DATA UNDER STUDY:
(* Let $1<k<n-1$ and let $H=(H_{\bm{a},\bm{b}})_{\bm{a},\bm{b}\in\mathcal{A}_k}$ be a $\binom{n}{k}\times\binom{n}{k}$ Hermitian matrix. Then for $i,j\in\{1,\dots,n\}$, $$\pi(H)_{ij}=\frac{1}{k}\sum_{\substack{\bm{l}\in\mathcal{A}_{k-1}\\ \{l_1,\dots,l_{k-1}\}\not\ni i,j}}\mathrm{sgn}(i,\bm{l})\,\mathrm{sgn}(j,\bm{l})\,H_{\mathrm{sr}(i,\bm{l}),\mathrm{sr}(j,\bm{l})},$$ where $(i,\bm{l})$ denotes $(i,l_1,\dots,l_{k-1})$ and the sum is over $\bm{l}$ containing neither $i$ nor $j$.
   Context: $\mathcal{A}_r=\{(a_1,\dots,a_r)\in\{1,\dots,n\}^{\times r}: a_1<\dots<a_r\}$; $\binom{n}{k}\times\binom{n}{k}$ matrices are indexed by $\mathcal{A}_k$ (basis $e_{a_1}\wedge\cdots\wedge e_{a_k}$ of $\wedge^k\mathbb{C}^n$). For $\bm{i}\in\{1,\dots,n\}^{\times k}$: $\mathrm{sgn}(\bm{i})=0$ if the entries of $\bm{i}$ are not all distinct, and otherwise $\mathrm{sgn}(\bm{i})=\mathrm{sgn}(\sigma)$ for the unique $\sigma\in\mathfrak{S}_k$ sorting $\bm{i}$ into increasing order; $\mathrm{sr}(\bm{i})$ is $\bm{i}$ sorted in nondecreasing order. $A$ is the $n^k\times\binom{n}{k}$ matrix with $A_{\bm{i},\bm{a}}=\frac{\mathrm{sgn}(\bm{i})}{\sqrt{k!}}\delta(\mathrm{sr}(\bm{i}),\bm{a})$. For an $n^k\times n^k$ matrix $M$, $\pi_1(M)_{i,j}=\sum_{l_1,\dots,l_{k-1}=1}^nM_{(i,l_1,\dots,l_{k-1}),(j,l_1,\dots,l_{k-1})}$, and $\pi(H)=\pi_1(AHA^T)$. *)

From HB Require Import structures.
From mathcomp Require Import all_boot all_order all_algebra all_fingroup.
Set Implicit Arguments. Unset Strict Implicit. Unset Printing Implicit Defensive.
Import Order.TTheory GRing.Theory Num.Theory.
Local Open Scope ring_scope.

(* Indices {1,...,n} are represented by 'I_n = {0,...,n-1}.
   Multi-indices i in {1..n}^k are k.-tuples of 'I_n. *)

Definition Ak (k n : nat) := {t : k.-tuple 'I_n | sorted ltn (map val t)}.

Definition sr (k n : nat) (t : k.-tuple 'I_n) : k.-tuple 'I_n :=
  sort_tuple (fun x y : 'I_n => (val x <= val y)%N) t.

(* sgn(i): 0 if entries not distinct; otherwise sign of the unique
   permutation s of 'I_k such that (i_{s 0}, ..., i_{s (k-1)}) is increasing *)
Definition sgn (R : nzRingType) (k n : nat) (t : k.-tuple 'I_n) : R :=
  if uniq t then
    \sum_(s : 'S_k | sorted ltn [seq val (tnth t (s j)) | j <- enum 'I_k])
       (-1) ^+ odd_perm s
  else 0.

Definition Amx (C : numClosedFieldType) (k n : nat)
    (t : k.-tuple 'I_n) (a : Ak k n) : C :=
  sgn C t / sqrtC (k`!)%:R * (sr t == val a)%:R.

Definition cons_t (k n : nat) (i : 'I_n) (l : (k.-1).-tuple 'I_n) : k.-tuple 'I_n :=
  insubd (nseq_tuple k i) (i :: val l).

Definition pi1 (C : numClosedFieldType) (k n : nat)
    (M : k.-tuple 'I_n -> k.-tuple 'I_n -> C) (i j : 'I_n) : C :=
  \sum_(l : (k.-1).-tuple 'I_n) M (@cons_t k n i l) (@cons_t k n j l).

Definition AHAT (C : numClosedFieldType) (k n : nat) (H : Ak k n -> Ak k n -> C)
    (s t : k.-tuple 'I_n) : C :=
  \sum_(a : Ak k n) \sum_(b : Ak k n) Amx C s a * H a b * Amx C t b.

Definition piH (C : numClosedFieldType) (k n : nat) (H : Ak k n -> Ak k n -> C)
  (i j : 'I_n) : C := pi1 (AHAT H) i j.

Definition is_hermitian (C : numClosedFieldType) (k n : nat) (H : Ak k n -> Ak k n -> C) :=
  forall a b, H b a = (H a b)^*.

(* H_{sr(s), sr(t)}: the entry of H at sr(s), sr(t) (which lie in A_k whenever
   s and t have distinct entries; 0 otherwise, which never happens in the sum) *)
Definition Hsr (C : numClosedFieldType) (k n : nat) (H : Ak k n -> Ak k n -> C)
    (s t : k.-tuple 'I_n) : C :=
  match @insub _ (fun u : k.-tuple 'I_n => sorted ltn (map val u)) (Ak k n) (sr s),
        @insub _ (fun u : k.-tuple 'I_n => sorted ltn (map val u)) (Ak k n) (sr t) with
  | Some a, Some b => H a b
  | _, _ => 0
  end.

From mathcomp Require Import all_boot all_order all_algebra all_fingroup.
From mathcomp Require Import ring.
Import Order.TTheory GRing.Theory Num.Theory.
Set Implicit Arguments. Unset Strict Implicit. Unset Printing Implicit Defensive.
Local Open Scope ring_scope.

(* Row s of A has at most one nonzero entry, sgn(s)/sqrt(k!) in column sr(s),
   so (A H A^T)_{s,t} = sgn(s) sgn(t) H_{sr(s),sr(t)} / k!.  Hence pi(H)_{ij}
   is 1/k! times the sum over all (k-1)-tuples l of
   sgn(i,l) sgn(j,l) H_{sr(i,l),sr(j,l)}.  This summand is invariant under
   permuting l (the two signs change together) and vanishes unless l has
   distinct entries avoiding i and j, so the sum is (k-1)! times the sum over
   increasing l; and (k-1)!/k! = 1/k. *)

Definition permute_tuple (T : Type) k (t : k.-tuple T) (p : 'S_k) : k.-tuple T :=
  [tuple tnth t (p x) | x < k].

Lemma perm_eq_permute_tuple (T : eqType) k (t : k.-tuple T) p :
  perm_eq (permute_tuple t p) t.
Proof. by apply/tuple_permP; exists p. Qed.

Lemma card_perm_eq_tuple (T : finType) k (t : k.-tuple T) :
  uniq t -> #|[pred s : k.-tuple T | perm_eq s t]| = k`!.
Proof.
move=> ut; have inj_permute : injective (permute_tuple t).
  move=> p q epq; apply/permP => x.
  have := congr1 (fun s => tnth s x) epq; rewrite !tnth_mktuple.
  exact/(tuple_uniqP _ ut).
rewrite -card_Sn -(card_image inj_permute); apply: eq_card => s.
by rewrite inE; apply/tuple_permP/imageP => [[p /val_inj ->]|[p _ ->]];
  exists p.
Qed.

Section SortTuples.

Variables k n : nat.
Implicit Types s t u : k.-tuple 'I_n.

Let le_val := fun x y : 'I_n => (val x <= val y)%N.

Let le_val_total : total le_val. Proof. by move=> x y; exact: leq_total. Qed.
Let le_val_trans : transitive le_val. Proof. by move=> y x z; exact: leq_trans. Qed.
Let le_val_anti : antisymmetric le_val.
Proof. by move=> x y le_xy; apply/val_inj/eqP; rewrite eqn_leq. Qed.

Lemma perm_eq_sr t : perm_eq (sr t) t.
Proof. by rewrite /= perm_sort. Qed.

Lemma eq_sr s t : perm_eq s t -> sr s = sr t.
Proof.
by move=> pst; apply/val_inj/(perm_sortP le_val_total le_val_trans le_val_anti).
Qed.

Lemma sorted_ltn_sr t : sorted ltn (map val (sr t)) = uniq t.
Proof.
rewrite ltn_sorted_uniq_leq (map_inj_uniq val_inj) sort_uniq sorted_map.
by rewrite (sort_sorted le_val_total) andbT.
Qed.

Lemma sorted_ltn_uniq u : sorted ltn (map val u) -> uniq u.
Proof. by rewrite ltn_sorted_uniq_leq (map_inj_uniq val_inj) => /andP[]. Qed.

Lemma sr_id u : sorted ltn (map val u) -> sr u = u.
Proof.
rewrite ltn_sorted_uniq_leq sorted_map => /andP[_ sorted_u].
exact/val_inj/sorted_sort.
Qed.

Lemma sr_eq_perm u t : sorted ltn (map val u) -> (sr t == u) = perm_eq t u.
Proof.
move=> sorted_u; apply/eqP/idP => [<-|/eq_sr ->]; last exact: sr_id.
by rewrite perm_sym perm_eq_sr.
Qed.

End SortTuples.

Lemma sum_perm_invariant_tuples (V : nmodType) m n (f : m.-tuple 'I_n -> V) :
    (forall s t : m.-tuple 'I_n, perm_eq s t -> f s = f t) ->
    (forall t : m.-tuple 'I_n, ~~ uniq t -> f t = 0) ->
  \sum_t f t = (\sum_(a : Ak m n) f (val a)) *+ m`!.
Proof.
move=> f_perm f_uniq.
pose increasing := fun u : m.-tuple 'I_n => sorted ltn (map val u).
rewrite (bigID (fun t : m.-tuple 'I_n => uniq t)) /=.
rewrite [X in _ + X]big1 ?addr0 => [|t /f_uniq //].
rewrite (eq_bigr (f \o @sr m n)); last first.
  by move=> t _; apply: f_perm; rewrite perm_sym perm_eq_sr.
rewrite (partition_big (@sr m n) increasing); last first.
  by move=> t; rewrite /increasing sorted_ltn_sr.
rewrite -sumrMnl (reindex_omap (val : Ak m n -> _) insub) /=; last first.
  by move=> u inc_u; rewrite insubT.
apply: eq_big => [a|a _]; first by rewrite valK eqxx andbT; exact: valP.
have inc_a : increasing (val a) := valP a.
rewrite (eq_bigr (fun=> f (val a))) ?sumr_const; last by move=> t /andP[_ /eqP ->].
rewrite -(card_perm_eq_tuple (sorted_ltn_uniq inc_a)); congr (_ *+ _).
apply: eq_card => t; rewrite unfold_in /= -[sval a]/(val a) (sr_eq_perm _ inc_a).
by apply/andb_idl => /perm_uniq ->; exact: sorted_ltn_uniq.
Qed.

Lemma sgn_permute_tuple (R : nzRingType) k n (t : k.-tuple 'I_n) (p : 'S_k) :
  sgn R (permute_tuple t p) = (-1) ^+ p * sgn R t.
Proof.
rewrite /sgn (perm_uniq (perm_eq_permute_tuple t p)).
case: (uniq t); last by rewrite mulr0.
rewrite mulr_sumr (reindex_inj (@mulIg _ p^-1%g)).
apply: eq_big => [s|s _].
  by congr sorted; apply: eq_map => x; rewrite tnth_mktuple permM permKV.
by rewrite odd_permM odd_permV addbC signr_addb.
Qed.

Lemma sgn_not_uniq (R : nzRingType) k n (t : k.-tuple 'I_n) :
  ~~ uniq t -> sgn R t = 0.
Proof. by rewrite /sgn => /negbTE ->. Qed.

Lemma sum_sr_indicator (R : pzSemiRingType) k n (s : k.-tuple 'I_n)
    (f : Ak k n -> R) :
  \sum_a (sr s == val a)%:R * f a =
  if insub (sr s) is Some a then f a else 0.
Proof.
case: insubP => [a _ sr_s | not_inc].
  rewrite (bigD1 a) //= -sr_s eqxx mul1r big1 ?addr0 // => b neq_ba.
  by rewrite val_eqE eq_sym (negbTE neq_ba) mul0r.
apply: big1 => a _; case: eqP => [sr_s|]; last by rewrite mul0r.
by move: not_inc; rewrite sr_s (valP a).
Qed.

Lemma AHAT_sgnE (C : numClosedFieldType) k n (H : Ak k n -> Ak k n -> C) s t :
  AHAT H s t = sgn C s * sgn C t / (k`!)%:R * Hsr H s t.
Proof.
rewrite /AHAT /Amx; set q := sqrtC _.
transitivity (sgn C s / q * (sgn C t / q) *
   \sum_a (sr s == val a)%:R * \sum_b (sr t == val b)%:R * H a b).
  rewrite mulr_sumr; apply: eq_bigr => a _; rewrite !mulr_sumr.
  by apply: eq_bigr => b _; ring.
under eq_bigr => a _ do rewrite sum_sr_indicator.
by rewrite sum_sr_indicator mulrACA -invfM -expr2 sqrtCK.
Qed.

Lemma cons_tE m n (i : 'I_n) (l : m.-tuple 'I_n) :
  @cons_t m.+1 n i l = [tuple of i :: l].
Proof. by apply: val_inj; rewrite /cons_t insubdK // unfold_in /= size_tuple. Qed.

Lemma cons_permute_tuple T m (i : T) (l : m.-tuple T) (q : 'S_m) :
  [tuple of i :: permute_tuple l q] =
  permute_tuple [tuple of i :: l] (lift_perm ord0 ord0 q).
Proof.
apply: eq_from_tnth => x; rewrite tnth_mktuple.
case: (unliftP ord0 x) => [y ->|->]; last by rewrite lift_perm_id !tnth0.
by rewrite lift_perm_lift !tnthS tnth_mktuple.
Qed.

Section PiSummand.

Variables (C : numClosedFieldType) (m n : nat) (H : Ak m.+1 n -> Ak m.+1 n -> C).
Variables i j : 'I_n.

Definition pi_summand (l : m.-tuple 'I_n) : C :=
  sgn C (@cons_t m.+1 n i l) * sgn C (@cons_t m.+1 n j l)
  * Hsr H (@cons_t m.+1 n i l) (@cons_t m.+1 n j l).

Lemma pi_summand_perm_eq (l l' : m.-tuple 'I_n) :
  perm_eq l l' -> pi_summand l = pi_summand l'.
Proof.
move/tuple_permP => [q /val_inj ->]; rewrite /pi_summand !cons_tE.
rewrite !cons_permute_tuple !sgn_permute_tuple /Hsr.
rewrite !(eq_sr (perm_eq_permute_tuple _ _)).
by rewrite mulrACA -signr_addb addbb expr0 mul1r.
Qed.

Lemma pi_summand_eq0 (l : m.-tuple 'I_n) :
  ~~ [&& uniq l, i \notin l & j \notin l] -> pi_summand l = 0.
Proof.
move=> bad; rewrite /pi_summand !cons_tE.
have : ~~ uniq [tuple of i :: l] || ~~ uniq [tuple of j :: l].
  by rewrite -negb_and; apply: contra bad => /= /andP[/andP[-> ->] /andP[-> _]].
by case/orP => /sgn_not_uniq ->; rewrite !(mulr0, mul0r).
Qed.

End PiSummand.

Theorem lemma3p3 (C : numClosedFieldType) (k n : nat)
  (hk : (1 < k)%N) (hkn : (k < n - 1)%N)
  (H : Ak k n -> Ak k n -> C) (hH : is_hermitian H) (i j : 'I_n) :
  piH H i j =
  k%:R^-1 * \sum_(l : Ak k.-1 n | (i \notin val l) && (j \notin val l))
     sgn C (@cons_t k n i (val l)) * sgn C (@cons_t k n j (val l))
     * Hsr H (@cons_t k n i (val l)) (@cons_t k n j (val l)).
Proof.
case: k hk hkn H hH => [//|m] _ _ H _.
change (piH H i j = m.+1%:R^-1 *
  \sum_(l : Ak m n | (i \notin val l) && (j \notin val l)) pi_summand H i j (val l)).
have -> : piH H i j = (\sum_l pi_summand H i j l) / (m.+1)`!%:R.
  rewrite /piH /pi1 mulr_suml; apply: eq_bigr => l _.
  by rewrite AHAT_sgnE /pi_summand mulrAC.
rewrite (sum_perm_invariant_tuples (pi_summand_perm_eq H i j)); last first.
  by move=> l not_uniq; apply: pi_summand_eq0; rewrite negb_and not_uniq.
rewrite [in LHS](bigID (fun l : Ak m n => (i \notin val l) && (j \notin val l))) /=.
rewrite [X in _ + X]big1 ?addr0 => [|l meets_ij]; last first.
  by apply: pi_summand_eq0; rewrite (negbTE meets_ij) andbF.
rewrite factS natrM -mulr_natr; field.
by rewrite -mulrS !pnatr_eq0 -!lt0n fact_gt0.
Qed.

TASK BRIEF:
Set down, from the entries above, exactly the lines from the one with "rewrite [X in _ + X]big1 ?addr0 => [|t" up to and including the one with "case: (uniq t); last by rewrite mulr0.", and no other lines.

OUTPUT:
rewrite [X in _ + X]big1 ?addr0 => [|t /f_uniq //].
rewrite (eq_bigr (f \o @sr m n)); last first.
  by move=> t _; apply: f_perm; rewrite perm_sym perm_eq_sr.
rewrite (partition_big (@sr m n) increasing); last first.
  by move=> t; rewrite /increasing sorted_ltn_sr.
rewrite -sumrMnl (reindex_omap (val : Ak m n -> _) insub) /=; last first.
  by move=> u inc_u; rewrite insubT.
apply: eq_big => [a|a _]; first by rewrite valK eqxx andbT; exact: valP.
have inc_a : increasing (val a) := valP a.
rewrite (eq_bigr (fun=> f (val a))) ?sumr_const; last by move=> t /andP[_ /eqP ->].
rewrite -(card_perm_eq_tuple (sorted_ltn_uniq inc_a)); congr (_ *+ _).
apply: eq_card => t; rewrite unfold_in /= -[sval a]/(val a) (sr_eq_perm _ inc_a).
by apply/andb_idl => /perm_uniq ->; exact: sorted_ltn_uniq.
Qed.

Lemma sgn_permute_tuple (R : nzRingType) k n (t : k.-tuple 'I_n) (p : 'S_k) :
  sgn R (permute_tuple t p) = (-1) ^+ p * sgn R t.
Proof.
rewrite /sgn (perm_uniq (perm_eq_permute_tuple t p)).
case: (uniq t); last by rewrite mulr0.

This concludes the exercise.